One number is the expected answer: the count of lines in the material below containing the word "phia".
——
Lemma L2_sign_indic (E : set (ST R)) (s : R) : measurable E -> `|s| = 1 ->
  L2 Om T' (fun z => s * \1_E z).
Proof.
move=> mE s1; split; first by apply: measurable_funM => //; exact: measurable_indic.
apply: le_lt_trans muD; rewrite -[X in (_ <= X)%E]mul1e -(@integral_cst _ _ _ mu D mD 1%E).
apply: (ge0_le_integral mu mD).
- by move=> z _; rewrite lee_fin sqr_ge0.
- apply/measurable_EFinP; apply: (measurableT_comp (exprn_measurable 2)).
  by apply: measurable_funM => //; exact: measurable_indic.
- exact: measurable_cst.
- move=> z _; rewrite lee_fin -real_normK ?num_real // exprn_ile1 // normrM s1 mul1r.
  by rewrite indicE; case: (z \in E); rewrite ?normr1 ?normr0.
Qed.

Lemma abse_Esg_le (a : R) (f : ST R -> R) : 0 < a <= 1 -> measurable_fun D f ->
  {ae mu, forall z, D z -> `|f z| <= 1 + a} ->
  (`|Esg Om T' a f| <= (32 * a * m)%:E)%E.
Proof.
move=> /andP[a0 a1] mf fa; rewrite /Esg asboolT // EFinM fineK ?ge0_fin_numE //.
apply: abse_integral_le_bound => //.
- exact: measurableT_comp (measurable_Wsg a) mf.
- by rewrite mulr_ge0 // ltW.
- by apply: filterS fa => z fz /fz; apply: normr_Wsg_le; rewrite ltW.
Qed.

Lemma Esg_ge (a : R) (f : ST R -> R) : 0 < a <= 1 -> measurable_fun D f ->
  ((- (32 * m * a))%:E <= Esg Om T' a f)%E.
Proof.
move=> a01 mf; have [fa|nfa] := pselect {ae mu, forall z, D z -> `|f z| <= 1 + a}.
  rewrite EFinN leeNl; apply: le_trans (lee_abs _) _.
  by rewrite abseN mulrAC; exact: abse_Esg_le.
by rewrite /Esg asboolF // leey.
Qed.

Lemma Esg_le_of_Kset (a : R) (f : ST R -> R) : 0 < a <= 1 -> Kset Om T' f ->
  (Esg Om T' a f <= (32 * m * a)%:E)%E.
Proof.
move=> /andP[a0 a1] [[mf _] f1]; rewrite mulrAC; apply: le_trans (lee_abs _) _.
apply: abse_Esg_le => //; first by rewrite a0.
by apply: filterS f1 => z fz /fz fz1; rewrite (le_trans fz1) // lerDl ltW.
Qed.

Lemma Esg_near_pinfty (phi : R -> ST R -> R) (f : ST R -> R) :
  (forall a, 0 < a -> L2 Om T' (phi a)) -> L2 Om T' f -> weak_cvg0 Om T' phi f ->
  ~ {ae mu, forall z, D z -> `|f z| <= 1} ->
  \forall a \near 0^'+, Esg Om T' a (phi a) = +oo%E.
Proof.
move=> L2phi [mf _] phif nf1.
have [s [n [s1 En0]]] := @not_ae_le1_excess_set _ _ _ mu _ _ mD mf nf1.
set E := excess_set D f s n.
have mE : measurable E by exact: measurable_excess_set.
have ED : E `<=` D by exact: excess_setS.
have muE : (mu E < +oo)%E by apply: le_lt_trans muD; apply: le_measure; rewrite ?inE.
set r := fine (mu E).
have r0 : 0 < r.
  by rewrite lt0r fine_ge0 // andbT fine_eq0 ?ge0_fin_numE.
pose psi z := s * \1_E z.
have testE g : Rintegral mu D (fun z => g z * psi z) = Rintegral mu E (fun z => s * g z).
  rewrite -(@Rintegral_mul_indic _ _ _ mu D E) //; apply: eq_Rintegral => z _; rewrite /psi; ring.
have f_lower : (1 + n.+1%:R^-1) * r <= Rintegral mu D (fun z => f z * psi z).
  have msf : measurable_fun E (fun z => s * f z).
    by apply: measurable_funM => //; exact: measurable_funS mf.
  rewrite testE; apply: (@Rintegral_ge_cst _ _ _ mu _ _ _ n%:R mE muE msf).
    by move=> z [_ /=]; rewrite in_itv /= => /andP[lo hi]; rewrite hi andbT ltW.
  by rewrite addr_ge0.
have phi_upper a : {ae mu, forall z, D z -> `|phi a z| <= 1 + a} -> 0 < a ->
    Rintegral mu D (fun z => phi a z * psi z) <= (1 + a) * r.
  move=> phia a0; rewrite testE; apply: Rintegral_le_bound => //.
  - apply: measurable_funM => //; apply: measurable_funS (L2phi a a0).1 => //.
  - by rewrite addr_ge0 // ltW.
  - by apply: filterS phia => z pz /ED /pz; rewrite normrM s1 mul1r.
have r_lt : r < Rintegral mu D (fun z => f z * psi z).
  by apply: lt_le_trans f_lower; rewrite ltr_pMl // ltrDl.
have phi_big := near_lt_of_cvg (@cvg_right0_affine R r) (phif psi (L2_sign_indic mE s1)) r_lt.
near=> a; rewrite /Esg; case: asboolP => // phia; exfalso.
have a0 : 0 < a by near: a; exact: nbhs_right_gt.
have : (1 + a) * r < Rintegral mu D (fun z => phi a z * psi z) by near: a; exact: phi_big.
by rewrite ltNge phi_upper.
Unshelve. all: by end_near.
Qed.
——
Solution to the exercise: 3